Find all lines below containing the string "segments" and return them.

------

(* Let $k$ be a positive integer. Let $I_1,\dots,I_n\subset\mathbb{R}$ be segments of lengths $\ell_1,\dots,\ell_n>0$ with midpoints $c_1,\dots,c_n$. Assume that every point of $\mathbb{R}$ belongs to at most $k$ of the interiors of $I_1,\dots,I_n$. Let $c=\frac{\sum_i\ell_ic_i}{\sum_i\ell_i}$, and let $I$ be the segment of length $\frac1k\sum_i\ell_i$ with midpoint $c$. Then $I\subset\operatorname{conv}\bigcup_i I_i$. *)

From HB Require Import structures.
From mathcomp Require Import all_boot all_order all_algebra.
Set Implicit Arguments. Unset Strict Implicit. Unset Printing Implicit Defensive.
Import Order.TTheory GRing.Theory Num.Theory.
Local Open Scope ring_scope.

Definition seg (R : realFieldType) (m len : R) (x : R) : bool :=
  (m - len / 2 <= x) && (x <= m + len / 2).

Definition seg_int (R : realFieldType) (m len : R) (x : R) : bool :=
  (m - len / 2 < x) && (x < m + len / 2).

Definition convex_set (R : realFieldType) (C : R -> Prop) : Prop :=
  forall x y t : R, C x -> C y -> 0 <= t -> t <= 1 -> C (t * x + (1 - t) * y).

Definition conv (R : realFieldType) (S : R -> Prop) (x : R) : Prop :=
  forall C : R -> Prop, convex_set C -> (forall y, S y -> C y) -> C x.

(* Write the segments as [a_i, r_i] and let b = max r_i.  Since
   sum_i l_i (b - c_i) = 1/2 sum_i ((b - a_i)^2 - (b - r_i)^2), the right half of
   the inclusion, c + L/(2k) <= b, is the bathtub inequality
   L^2 <= k sum_i ((b - a_i)^2 - (b - r_i)^2): a mass of total length L and density
   at most k has least first moment about b when packed into [b - L/k, b].  It is
   proved by induction on the number of nondegenerate intervals, cutting them all
   at the leftmost right end p.  The parts below p lie in at most k intervals with
   a common point, and by Cauchy-Schwarz their total length D satisfies
   D^2 <= k sum d_i^2; the parts above p have total length at most k (b - p).
   The left half follows by reflection. *)

From HB Require Import structures.
From mathcomp Require Import all_boot all_order all_algebra.
From mathcomp Require Import ring lra.
Set Implicit Arguments. Unset Strict Implicit. Unset Printing Implicit Defensive.
Import Order.TTheory GRing.Theory Num.Theory.
Local Open Scope ring_scope.

Section PlyBoundedIntervals.

Variables (R : realFieldType) (I : finType).
Implicit Types (a r : I -> R) (p b s : R).

Definition ply_le (k : nat) a r :=
  forall x : R, (#|[set i | ((a i < x) && (x < r i))%R]| <= k)%N.

Definition nondeg a r := [set i | a i < r i].

Definition clip p (f : I -> R) i := Num.max (f i) p.

Definition len_below p a r i := Num.min (r i) p - Num.min (a i) p.

(* [(b - a)^2 - (b - r)^2 = 2 (r - a) (b - (a + r) / 2)]: twice the first moment
   about [b] of the interval [a, r] with length measure. *)
Definition moment b a r := \sum_i ((b - a i) ^+ 2 - (b - r i) ^+ 2).

Lemma nondeg_eq0 a r : (forall i, a i <= r i) -> nondeg a r = set0 ->
  forall i, a i = r i.
Proof.
move=> har h i; apply/eqP; rewrite eq_le har leNgt; apply/negP => lt_ar.
have : i \in nondeg a r by rewrite inE.
by rewrite h inE.
Qed.

Lemma clip_le a r p : (forall i, a i <= r i) -> forall i, clip p a i <= clip p r i.
Proof.
move=> har i; rewrite /clip.
by case: (lerP (a i) p); case: (lerP (r i) p); have := har i; lra.
Qed.

Lemma ply_le_clip k a r p : ply_le k a r -> ply_le k (clip p a) (clip p r).
Proof.
move=> hply x; apply: leq_trans (hply x); apply: subset_leq_card.
apply/subsetP => i; rewrite !inE /clip.
by case: (lerP (a i) p); case: (lerP (r i) p); lra.
Qed.

Lemma nondeg_clip a r p : nondeg (clip p a) (clip p r) \subset nondeg a r.
Proof.
apply/subsetP => i; rewrite !inE /clip.
by case: (lerP (a i) p); case: (lerP (r i) p); lra.
Qed.

Lemma clip_at_right_end a r j : a j <= r j -> j \notin nondeg (clip (r j) a) (clip (r j) r).
Proof. by move=> har; rewrite inE /clip maxxx (max_idPr har) ltxx. Qed.

(* Clipping at [r j] makes interval [j] degenerate and creates no new
   nondegenerate interval, so this is an induction on [#|nondeg a r|]. *)
Lemma clip_induction (P : (I -> R) -> (I -> R) -> Prop) :
  (forall a r, (forall i, a i = r i) -> P a r) ->
  (forall a r j, (forall i, a i <= r i) -> j \in nondeg a r ->
     (forall i, i \in nondeg a r -> r j <= r i) ->
     P (clip (r j) a) (clip (r j) r) -> P a r) ->
  forall a r, (forall i, a i <= r i) -> P a r.
Proof.
move=> base step a r; move: {2}#|nondeg a r| (leqnn #|nondeg a r|) => m.
elim: m a r => [|m IH] a r.
  by rewrite leqn0 cards_eq0 => /eqP h har; apply/base/nondeg_eq0.
move=> hm har; have [/eqP h|/set0Pn[j0 hj0]] := boolP (nondeg a r == set0).
  exact/base/nondeg_eq0.
have [j hj jmin] := arg_minP r hj0.
apply: (step _ _ j) => //; apply: IH; last exact: clip_le.
have sub : nondeg (clip (r j) a) (clip (r j) r) \subset nondeg a r :\ j.
  apply/subsetP => i hi; rewrite in_setD1 (subsetP (nondeg_clip a r (r j)) i hi) andbT.
  by apply: contraTneq hi => ->; apply: clip_at_right_end.
by apply: leq_trans (subset_leq_card sub) _; move: hm; rewrite (cardsD1 j) [j \in _]hj.
Qed.

Definition starts_below p a r := [set i | (a i < r i) && (a i < p)].

Lemma len_split a r p i : r i - a i = (clip p r i - clip p a i) + len_below p a r i.
Proof. by rewrite /clip /len_below; case: (lerP (a i) p); case: (lerP (r i) p); lra. Qed.

Lemma sum_len_split a r p :
  \sum_i (r i - a i) = \sum_i (clip p r i - clip p a i) + \sum_i len_below p a r i.
Proof. by rewrite -big_split; apply: eq_bigr => i _; apply: len_split. Qed.

Lemma len_below_eq0 a r p i :
  a i <= r i -> i \notin starts_below p a r -> len_below p a r i = 0.
Proof.
rewrite inE negb_and -!leNgt /len_below => har.
by case: (lerP (a i) p); case: (lerP (r i) p); lra.
Qed.

Lemma len_below_E a r p i : a i < p -> p <= r i -> len_below p a r i = p - a i.
Proof. by rewrite /len_below; case: (lerP (a i) p); case: (lerP (r i) p); lra. Qed.

(* Clipping at [p] moves the part of [a i, r i] below [p] to the point [p]. *)
Lemma moment_term_split a r p b i : a i <= r i -> (a i < r i -> p <= r i) ->
  (b - a i) ^+ 2 - (b - r i) ^+ 2 =
  ((b - clip p a i) ^+ 2 - (b - clip p r i) ^+ 2)
  + 2 * len_below p a r i * (b - p) + len_below p a r i ^+ 2.
Proof.
rewrite /clip /len_below => har hpr.
case: (lerP (a i) p) => hap; case: (lerP (r i) p) => hrp; try lra; try ring.
have [->|->] : r i = a i \/ r i = p.
  by case: (ltrP (a i) (r i)) => h; [right; have := hpr h | left]; lra.
all: ring.
Qed.

Lemma card_common_point k a r (A : {set I}) x :
  ply_le k a r -> (forall i, i \in A -> a i < x < r i) -> (#|A| <= k)%N.
Proof.
move=> hply hA; apply: leq_trans (hply x); apply: subset_leq_card.
by apply/subsetP => i /hA; rewrite inE.
Qed.

Lemma sqr_sum_le_card (A : {set I}) (d : I -> R) :
  (\sum_(i in A) d i) ^+ 2 <= #|A|%:R * \sum_(i in A) d i ^+ 2.
Proof.
have [->|/set0Pn[i0 hi0]] := eqVneq A set0.
  by rewrite !big_set0 cards0 mul0r expr0n.
set D := \sum_(i in A) d i; set Q := \sum_(i in A) d i ^+ 2.
set m : R := #|A|%:R.
have m_gt0 : 0 < m by rewrite ltr0n (cardD1 i0) hi0.
have : 0 <= \sum_(i in A) (m * d i - D) ^+ 2 by apply: sumr_ge0 => i _; apply: sqr_ge0.
have -> : \sum_(i in A) (m * d i - D) ^+ 2 = m * (m * Q - D ^+ 2).
  rewrite (eq_bigr (fun i => m ^+ 2 * d i ^+ 2 - 2 * m * D * d i + D ^+ 2));
    last by move=> i _; ring.
  rewrite !big_split /= sumrN -!mulr_sumr -/D -/Q sumr_const -mulr_natr -/m; ring.
by rewrite (pmulr_rge0 _ m_gt0) subr_ge0.
Qed.

Section ClipAtLeftmostRightEnd.

Variables (a r : I -> R) (j : I).
Hypotheses (har : forall i, a i <= r i) (jmin : forall i, i \in nondeg a r -> r j <= r i).

Let p := r j.

Lemma le_right_end i : a i < r i -> p <= r i.
Proof. by move=> nd; apply: jmin; rewrite inE. Qed.

(* Every nondegenerate interval reaches [p], so those starting below [p] all
   contain the midpoint of [p] and the largest of their left ends. *)
Lemma card_starts_below_le k : ply_le k a r -> (#|starts_below p a r| <= k)%N.
Proof.
move=> hply; set A := starts_below p a r.
have [/eqP->|/set0Pn[i0 hi0]] := boolP (A == set0); first by rewrite cards0.
have [i1 hi1 i1max] := arg_maxP a hi0.
have /andP[_ ap1] : (a i1 < r i1) && (a i1 < p) by have : i1 \in A := hi1; rewrite inE.
apply: (card_common_point (x := (a i1 + p) / 2) hply) => i hi.
have ai : a i <= a i1 := i1max i hi.
move: hi; rewrite inE => /andP[/le_right_end pr ap_i].
by apply/andP; split; lra.
Qed.

Lemma sum_len_below (F : R -> R) : F 0 = 0 ->
  \sum_i F (len_below p a r i) = \sum_(i in starts_below p a r) F (p - a i).
Proof.
move=> F0; rewrite [RHS]big_mkcond; apply: eq_bigr => i _.
case: ifP => [|/negbT /(len_below_eq0 (har i)) ->] //.
by rewrite inE => /andP[/le_right_end pr ap]; rewrite len_below_E.
Qed.

Lemma moment_clip_split b : moment b a r =
  moment b (clip p a) (clip p r)
  + 2 * (\sum_i len_below p a r i) * (b - p) + \sum_i len_below p a r i ^+ 2.
Proof.
rewrite /moment mulr_sumr mulr_suml -!big_split /=.
by apply: eq_bigr => i _; apply: moment_term_split => //; apply: le_right_end.
Qed.

Lemma clip_nondeg_in b : (forall i, a i < r i -> r i <= b) ->
  forall i, clip p a i < clip p r i -> p <= clip p a i /\ clip p r i <= b.
Proof.
move=> hrb i hi; have nd : a i < r i.
  by have := subsetP (nondeg_clip a r p) i; rewrite !inE; apply.
have pr := le_right_end nd.
by rewrite /clip le_max lexx orbT (max_idPl pr); split => //; apply: hrb.
Qed.

End ClipAtLeftmostRightEnd.

Lemma ply_len_le k a r s b : (forall i, a i <= r i) -> ply_le k a r -> s <= b ->
  (forall i, a i < r i -> s <= a i /\ r i <= b) ->
  \sum_i (r i - a i) <= k%:R * (b - s).
Proof.
move=> har; move: a r har s b.
apply: clip_induction => [a r deg|a r j har hj jmin IH] s b.
  by move=> _ sb _; rewrite big1 ?mulr_ge0 ?subr_ge0 // => i _; rewrite deg subrr.
move=> hply sb hin; set p := r j; set A := starts_below p a r.
have nd_j : a j < r j by rewrite inE in hj.
have [sa pb] := hin j nd_j.
have below : \sum_i len_below p a r i <= k%:R * (p - s).
  rewrite (sum_len_below har jmin (F := id)) //.
  apply: (@le_trans _ _ (#|A|%:R * (p - s))).
    rewrite mulrC mulr_natr -sumr_const; apply: ler_sum => i; rewrite inE => /andP[nd _].
    by have [] := hin i nd; rewrite /p; lra.
  apply: ler_wpM2r; first by rewrite subr_ge0 /p; lra.
  by rewrite ler_nat; apply: card_starts_below_le.
have above : \sum_i (clip p r i - clip p a i) <= k%:R * (b - p).
  apply: IH => //; first exact: ply_le_clip.
  by apply: clip_nondeg_in => // i /hin[].
by rewrite (sum_len_split a r p); lra.
Qed.

Lemma ply_moment_ge k a r b : (forall i, a i <= r i) -> ply_le k a r ->
  (forall i, a i < r i -> r i <= b) ->
  (\sum_i (r i - a i)) ^+ 2 <= k%:R * moment b a r.
Proof.
move: a r; apply: clip_induction => [a r deg|a r j har hj jmin IH] hply hrb.
  rewrite big1 ?expr0n ?mulr_ge0 ?ler0n //; last by move=> i _; rewrite deg subrr.
  by rewrite /moment big1 // => i _; rewrite deg subrr.
set p := r j.
set L' := \sum_i (clip p r i - clip p a i).
set D := \sum_i len_below p a r i.
set Q := \sum_i len_below p a r i ^+ 2.
have D_ge0 : 0 <= D.
  rewrite /D (sum_len_below har jmin (F := id)) //.
  by apply: sumr_ge0 => i; rewrite inE => /andP[_]; lra.
have DQ : D ^+ 2 <= k%:R * Q.
  rewrite /D /Q (sum_len_below har jmin (F := id)) //.
  rewrite (sum_len_below har jmin (F := fun x => x ^+ 2)) ?expr0n //.
  apply: le_trans (sqr_sum_le_card _ _) _.
  apply: ler_wpM2r; first by apply: sumr_ge0 => i _; apply: sqr_ge0.
  by rewrite ler_nat; apply: card_starts_below_le.
have pb : p <= b by apply: hrb; rewrite inE in hj.
have hin := clip_nondeg_in jmin hrb.
have L'_le : L' <= k%:R * (b - p).
  by apply: ply_len_le; [exact: clip_le | exact: ply_le_clip | exact: pb | exact: hin].
have IH' : L' ^+ 2 <= k%:R * moment b (clip p a) (clip p r).
  by apply: IH; [exact: ply_le_clip | by move=> i /hin[]].
rewrite (moment_clip_split har jmin b) (sum_len_split a r p) -/p -/L' -/D -/Q.
have cross : D * L' <= D * (k%:R * (b - p)) by apply: ler_wpM2l.
lra.
Qed.

End PlyBoundedIntervals.

Lemma conv_between (R : realFieldType) (S : R -> Prop) (u v x : R) :
  S u -> S v -> u <= x <= v -> conv S x.
Proof.
move=> Su Sv /andP[ux xv] C hC hS.
have [vu|uv] := lerP v u.
  suff -> : x = u by exact: hS.
  lra.
pose t := (v - x) / (v - u).
have -> : x = t * u + (1 - t) * v by rewrite /t; field; rewrite subr_eq0 gt_eqF.
apply: hC; [exact: hS | exact: hS | |].
- by apply: divr_ge0; lra.
- by rewrite ler_pdivrMr ?subr_gt0 // mul1r; lra.
Qed.

Section WeightedCenter.

Variables (R : realFieldType) (I : finType) (k : nat) (l c : I -> R) (i0 : I).
Hypotheses (k_gt0 : (0 < k)%N) (l_gt0 : forall i, 0 < l i).
Hypothesis ply_seg : forall x : R, (#|[set i | seg_int (c i) (l i) x]| <= k)%N.

Let L := \sum_i l i.

Definition wmean (w f : I -> R) := (\sum_i w i * f i) / \sum_i w i.

Lemma total_len_gt0 : 0 < L.
Proof.
rewrite /L (bigD1 i0) //=; apply: ltr_wpDr; last exact: l_gt0.
by apply: sumr_ge0 => i _; apply: ltW.
Qed.

Lemma wmean_add_half_le b : (forall i, c i + l i / 2 <= b) ->
  wmean l c + L / k%:R / 2 <= b.
Proof.
move=> hb; set a := fun i => c i - l i / 2; set r := fun i => c i + l i / 2.
have har i : a i <= r i by rewrite /a /r; have := l_gt0 i; lra.
have := ply_moment_ge har ply_seg (fun i _ => hb i : r i <= b).
have -> : \sum_i (r i - a i) = L by apply: eq_bigr => i _; rewrite /r /a; field.
have -> : moment b a r = 2 * (b * L - \sum_i l i * c i).
  rewrite /moment /L mulr_sumr -sumrB mulr_sumr; apply: eq_bigr => i _.
  by rewrite /a /r; field.
rewrite /wmean -/L; have L_gt0 := total_len_gt0; have k_gt0R : 0 < k%:R :> R by rewrite ltr0n.
set S := \sum_i l i * c i => h.
have -> : S / L + L / k%:R / 2 = (2 * k%:R * S + L ^+ 2) / (2 * k%:R * L).
  by field; rewrite !lt0r_neq0.
by rewrite ler_pdivrMr ?mulr_gt0 //; lra.
Qed.

End WeightedCenter.

Lemma seg_int_opp (R : realFieldType) (m len x : R) :
  seg_int (- m) len x = seg_int m len (- x).
Proof. by rewrite /seg_int; apply/idP/idP => /andP[? ?]; apply/andP; split; lra. Qed.

Lemma wmean_opp (R : realFieldType) (I : finType) (w f : I -> R) :
  wmean w (fun i => - f i) = - wmean w f.
Proof. by rewrite /wmean -mulNr -sumrN; congr (_ / _); apply: eq_bigr => i _; rewrite mulrN. Qed.

Lemma wmean_sub_half_ge (R : realFieldType) (I : finType) (k : nat) (l c : I -> R) (i0 : I) a :
  (0 < k)%N -> (forall i, 0 < l i) ->
  (forall x : R, #|[set i | seg_int (c i) (l i) x]| <= k)%N ->
  (forall i, a <= c i - l i / 2) ->
  a <= wmean l c - (\sum_i l i) / k%:R / 2.
Proof.
move=> k_gt0 l_gt0 ply_seg ha.
have ply_opp x : (#|[set i | seg_int (- c i) (l i) x]| <= k)%N.
  by under eq_finset => i do rewrite seg_int_opp; apply: ply_seg.
have hb i : - c i + l i / 2 <= - a by have := ha i; lra.
by have := wmean_add_half_le i0 k_gt0 l_gt0 ply_opp hb; rewrite wmean_opp; lra.
Qed.

Lemma seg_left_end (R : realFieldType) (m len : R) : 0 <= len -> seg m len (m - len / 2).
Proof. by move=> len_ge0; rewrite /seg lexx /=; lra. Qed.

Lemma seg_right_end (R : realFieldType) (m len : R) : 0 <= len -> seg m len (m + len / 2).
Proof. by move=> len_ge0; rewrite /seg lexx andbT; lra. Qed.

Theorem lemma8 (R : realFieldType) (k n : nat) (l c : 'I_n -> R) :
  (0 < k)%N -> (0 < n)%N ->
  (forall i, 0 < l i) ->
  (forall x : R, #|[set i : 'I_n | seg_int (c i) (l i) x]| <= k)%N ->
  let L := \sum_(i < n) l i in
  let cc := (\sum_(i < n) l i * c i) / L in
  forall x : R, seg cc (L / k%:R) x ->
    conv (fun y : R => exists i : 'I_n, seg (c i) (l i) y) x.
Proof.
move=> k_gt0 n_gt0 l_gt0 ply_seg L cc x hx.
pose i0 := Ordinal n_gt0.
have [jl _ jl_min] := arg_minP (fun i => c i - l i / 2) (isT : predT i0).
have [jr _ jr_max] := arg_maxP (fun i => c i + l i / 2) (isT : predT i0).
have left_le := wmean_sub_half_ge i0 k_gt0 l_gt0 ply_seg (fun i => jl_min i isT).
have right_ge := wmean_add_half_le i0 k_gt0 l_gt0 ply_seg (fun i => jr_max i isT).
apply: (conv_between (u := c jl - l jl / 2) (v := c jr + l jr / 2)).
- by exists jl; apply/seg_left_end/ltW.
- by exists jr; apply/seg_right_end/ltW.
- by move: hx left_le right_ge; rewrite /seg /wmean -/L -/cc => /andP[? ?] ? ?; apply/andP; split; lra.
Qed.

------

§ WRITTEN RESPONSE:
(* Let $k$ be a positive integer. Let $I_1,\dots,I_n\subset\mathbb{R}$ be segments of lengths $\ell_1,\dots,\ell_n>0$ with midpoints $c_1,\dots,c_n$. Assume that every point of $\mathbb{R}$ belongs to at most $k$ of the interiors of $I_1,\dots,I_n$. Let $c=\frac{\sum_i\ell_ic_i}{\sum_i\ell_i}$, and let $I$ be the segment of length $\frac1k\sum_i\ell_i$ with midpoint $c$. Then $I\subset\operatorname{conv}\bigcup_i I_i$. *)
(* Write the segments as [a_i, r_i] and let b = max r_i.  Since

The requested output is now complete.